**Task data**:
-- Opening Marker --

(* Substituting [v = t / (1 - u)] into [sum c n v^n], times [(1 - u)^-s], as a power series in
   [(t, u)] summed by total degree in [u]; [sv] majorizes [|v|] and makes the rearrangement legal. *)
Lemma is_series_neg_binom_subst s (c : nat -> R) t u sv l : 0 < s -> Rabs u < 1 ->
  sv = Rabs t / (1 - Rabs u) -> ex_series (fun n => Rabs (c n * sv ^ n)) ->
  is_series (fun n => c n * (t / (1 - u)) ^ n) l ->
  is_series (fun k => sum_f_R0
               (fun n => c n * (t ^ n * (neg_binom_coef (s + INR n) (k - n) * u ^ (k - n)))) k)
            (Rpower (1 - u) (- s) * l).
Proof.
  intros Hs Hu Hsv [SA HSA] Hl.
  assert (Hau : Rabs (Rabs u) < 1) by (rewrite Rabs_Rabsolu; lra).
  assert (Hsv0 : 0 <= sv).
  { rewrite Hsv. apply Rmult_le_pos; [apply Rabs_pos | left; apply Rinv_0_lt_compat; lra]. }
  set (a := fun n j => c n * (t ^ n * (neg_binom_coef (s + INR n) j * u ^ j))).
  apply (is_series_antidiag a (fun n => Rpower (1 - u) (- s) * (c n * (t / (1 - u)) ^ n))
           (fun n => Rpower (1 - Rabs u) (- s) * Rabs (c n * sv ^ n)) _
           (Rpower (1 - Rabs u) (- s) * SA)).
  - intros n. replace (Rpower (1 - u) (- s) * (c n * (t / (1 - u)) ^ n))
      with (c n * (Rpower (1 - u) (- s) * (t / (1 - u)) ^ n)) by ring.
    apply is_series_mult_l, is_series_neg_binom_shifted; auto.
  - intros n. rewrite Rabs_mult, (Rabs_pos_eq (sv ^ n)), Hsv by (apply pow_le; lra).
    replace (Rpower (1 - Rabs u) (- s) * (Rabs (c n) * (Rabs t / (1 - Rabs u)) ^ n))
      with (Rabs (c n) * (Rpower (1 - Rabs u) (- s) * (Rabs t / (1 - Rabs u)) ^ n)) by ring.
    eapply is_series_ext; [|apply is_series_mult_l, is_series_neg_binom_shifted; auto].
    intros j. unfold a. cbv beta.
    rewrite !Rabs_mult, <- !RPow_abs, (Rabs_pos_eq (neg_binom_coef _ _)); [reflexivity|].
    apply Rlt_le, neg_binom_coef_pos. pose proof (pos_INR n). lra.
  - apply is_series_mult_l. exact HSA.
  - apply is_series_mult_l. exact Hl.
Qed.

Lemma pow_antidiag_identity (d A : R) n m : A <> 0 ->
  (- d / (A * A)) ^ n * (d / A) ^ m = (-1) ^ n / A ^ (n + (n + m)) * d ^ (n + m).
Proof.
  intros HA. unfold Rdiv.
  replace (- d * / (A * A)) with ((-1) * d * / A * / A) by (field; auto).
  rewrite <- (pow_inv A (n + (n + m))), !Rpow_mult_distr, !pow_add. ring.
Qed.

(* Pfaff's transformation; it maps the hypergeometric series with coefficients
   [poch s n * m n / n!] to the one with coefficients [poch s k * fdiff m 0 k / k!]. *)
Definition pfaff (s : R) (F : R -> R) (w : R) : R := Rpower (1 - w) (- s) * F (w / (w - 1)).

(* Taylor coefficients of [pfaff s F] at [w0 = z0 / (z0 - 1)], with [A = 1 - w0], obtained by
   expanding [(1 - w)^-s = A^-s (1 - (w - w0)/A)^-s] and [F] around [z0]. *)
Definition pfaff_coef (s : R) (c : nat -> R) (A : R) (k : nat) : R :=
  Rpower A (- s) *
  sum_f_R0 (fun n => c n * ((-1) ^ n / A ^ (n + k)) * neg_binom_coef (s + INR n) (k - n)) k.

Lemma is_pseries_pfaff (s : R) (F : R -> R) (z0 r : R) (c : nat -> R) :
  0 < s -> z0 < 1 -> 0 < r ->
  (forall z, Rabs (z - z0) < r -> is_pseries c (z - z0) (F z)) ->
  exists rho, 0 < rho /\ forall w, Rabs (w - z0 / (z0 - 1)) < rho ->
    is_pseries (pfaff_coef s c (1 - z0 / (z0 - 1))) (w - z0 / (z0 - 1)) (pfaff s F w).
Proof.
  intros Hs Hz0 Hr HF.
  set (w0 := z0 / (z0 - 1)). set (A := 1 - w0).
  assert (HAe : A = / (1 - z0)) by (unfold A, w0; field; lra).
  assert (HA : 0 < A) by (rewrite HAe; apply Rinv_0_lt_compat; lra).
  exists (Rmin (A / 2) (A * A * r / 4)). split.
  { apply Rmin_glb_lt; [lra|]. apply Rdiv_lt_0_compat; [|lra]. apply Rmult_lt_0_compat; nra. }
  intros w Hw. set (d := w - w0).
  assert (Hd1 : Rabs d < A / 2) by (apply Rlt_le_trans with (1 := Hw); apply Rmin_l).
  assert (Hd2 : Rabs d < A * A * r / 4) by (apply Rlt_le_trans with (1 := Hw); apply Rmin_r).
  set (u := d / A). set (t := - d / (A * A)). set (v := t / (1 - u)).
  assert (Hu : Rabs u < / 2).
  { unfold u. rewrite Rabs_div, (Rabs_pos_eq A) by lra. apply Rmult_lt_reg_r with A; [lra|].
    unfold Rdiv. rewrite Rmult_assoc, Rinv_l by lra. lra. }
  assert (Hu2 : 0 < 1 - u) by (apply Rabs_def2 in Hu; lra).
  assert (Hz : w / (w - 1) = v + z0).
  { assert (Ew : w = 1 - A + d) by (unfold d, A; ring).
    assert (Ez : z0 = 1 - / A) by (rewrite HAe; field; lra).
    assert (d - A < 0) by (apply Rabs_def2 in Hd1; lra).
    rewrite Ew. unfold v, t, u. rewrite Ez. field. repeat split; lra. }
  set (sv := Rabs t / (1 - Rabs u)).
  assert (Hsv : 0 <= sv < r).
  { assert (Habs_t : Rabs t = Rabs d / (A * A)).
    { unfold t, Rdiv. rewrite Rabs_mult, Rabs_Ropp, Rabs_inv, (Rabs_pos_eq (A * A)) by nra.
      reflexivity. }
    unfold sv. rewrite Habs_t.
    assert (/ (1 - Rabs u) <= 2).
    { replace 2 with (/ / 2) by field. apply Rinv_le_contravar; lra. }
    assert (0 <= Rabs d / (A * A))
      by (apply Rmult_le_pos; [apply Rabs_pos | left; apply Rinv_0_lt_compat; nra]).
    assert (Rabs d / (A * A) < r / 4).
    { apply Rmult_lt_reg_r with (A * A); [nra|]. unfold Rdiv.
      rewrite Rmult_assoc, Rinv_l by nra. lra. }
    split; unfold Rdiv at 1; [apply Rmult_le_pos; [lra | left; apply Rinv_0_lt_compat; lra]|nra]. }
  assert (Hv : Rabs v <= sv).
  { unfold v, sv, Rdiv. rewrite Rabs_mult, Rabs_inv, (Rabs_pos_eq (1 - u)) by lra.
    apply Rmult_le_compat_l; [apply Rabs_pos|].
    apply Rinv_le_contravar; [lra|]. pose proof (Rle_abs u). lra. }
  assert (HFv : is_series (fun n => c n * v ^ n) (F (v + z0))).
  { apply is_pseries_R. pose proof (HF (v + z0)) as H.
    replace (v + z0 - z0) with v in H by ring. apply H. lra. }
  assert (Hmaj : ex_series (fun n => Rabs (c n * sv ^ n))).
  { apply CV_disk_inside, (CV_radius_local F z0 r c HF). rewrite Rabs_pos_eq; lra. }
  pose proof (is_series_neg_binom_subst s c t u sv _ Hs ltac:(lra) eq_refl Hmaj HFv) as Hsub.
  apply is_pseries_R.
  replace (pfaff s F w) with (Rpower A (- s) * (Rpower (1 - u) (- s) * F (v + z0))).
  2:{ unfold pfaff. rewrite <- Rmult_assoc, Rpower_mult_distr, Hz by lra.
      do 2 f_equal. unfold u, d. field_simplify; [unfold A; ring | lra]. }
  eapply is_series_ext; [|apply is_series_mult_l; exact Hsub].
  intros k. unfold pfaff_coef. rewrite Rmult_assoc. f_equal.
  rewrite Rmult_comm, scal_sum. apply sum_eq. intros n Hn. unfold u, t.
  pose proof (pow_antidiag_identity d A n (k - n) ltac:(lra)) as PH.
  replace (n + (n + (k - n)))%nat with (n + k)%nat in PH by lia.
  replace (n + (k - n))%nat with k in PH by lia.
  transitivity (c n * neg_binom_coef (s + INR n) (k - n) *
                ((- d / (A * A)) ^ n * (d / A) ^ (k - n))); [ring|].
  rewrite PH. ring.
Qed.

-- Closing Marker --

What you write must be the entries restated word for word, from the opening line through the one holding "intros Hs Hu Hsv [SA HSA] Hl.", with nothing else.

(* Substituting [v = t / (1 - u)] into [sum c n v^n], times [(1 - u)^-s], as a power series in
   [(t, u)] summed by total degree in [u]; [sv] majorizes [|v|] and makes the rearrangement legal. *)
Lemma is_series_neg_binom_subst s (c : nat -> R) t u sv l : 0 < s -> Rabs u < 1 ->
  sv = Rabs t / (1 - Rabs u) -> ex_series (fun n => Rabs (c n * sv ^ n)) ->
  is_series (fun n => c n * (t / (1 - u)) ^ n) l ->
  is_series (fun k => sum_f_R0
               (fun n => c n * (t ^ n * (neg_binom_coef (s + INR n) (k - n) * u ^ (k - n)))) k)
            (Rpower (1 - u) (- s) * l).
Proof.
  intros Hs Hu Hsv [SA HSA] Hl.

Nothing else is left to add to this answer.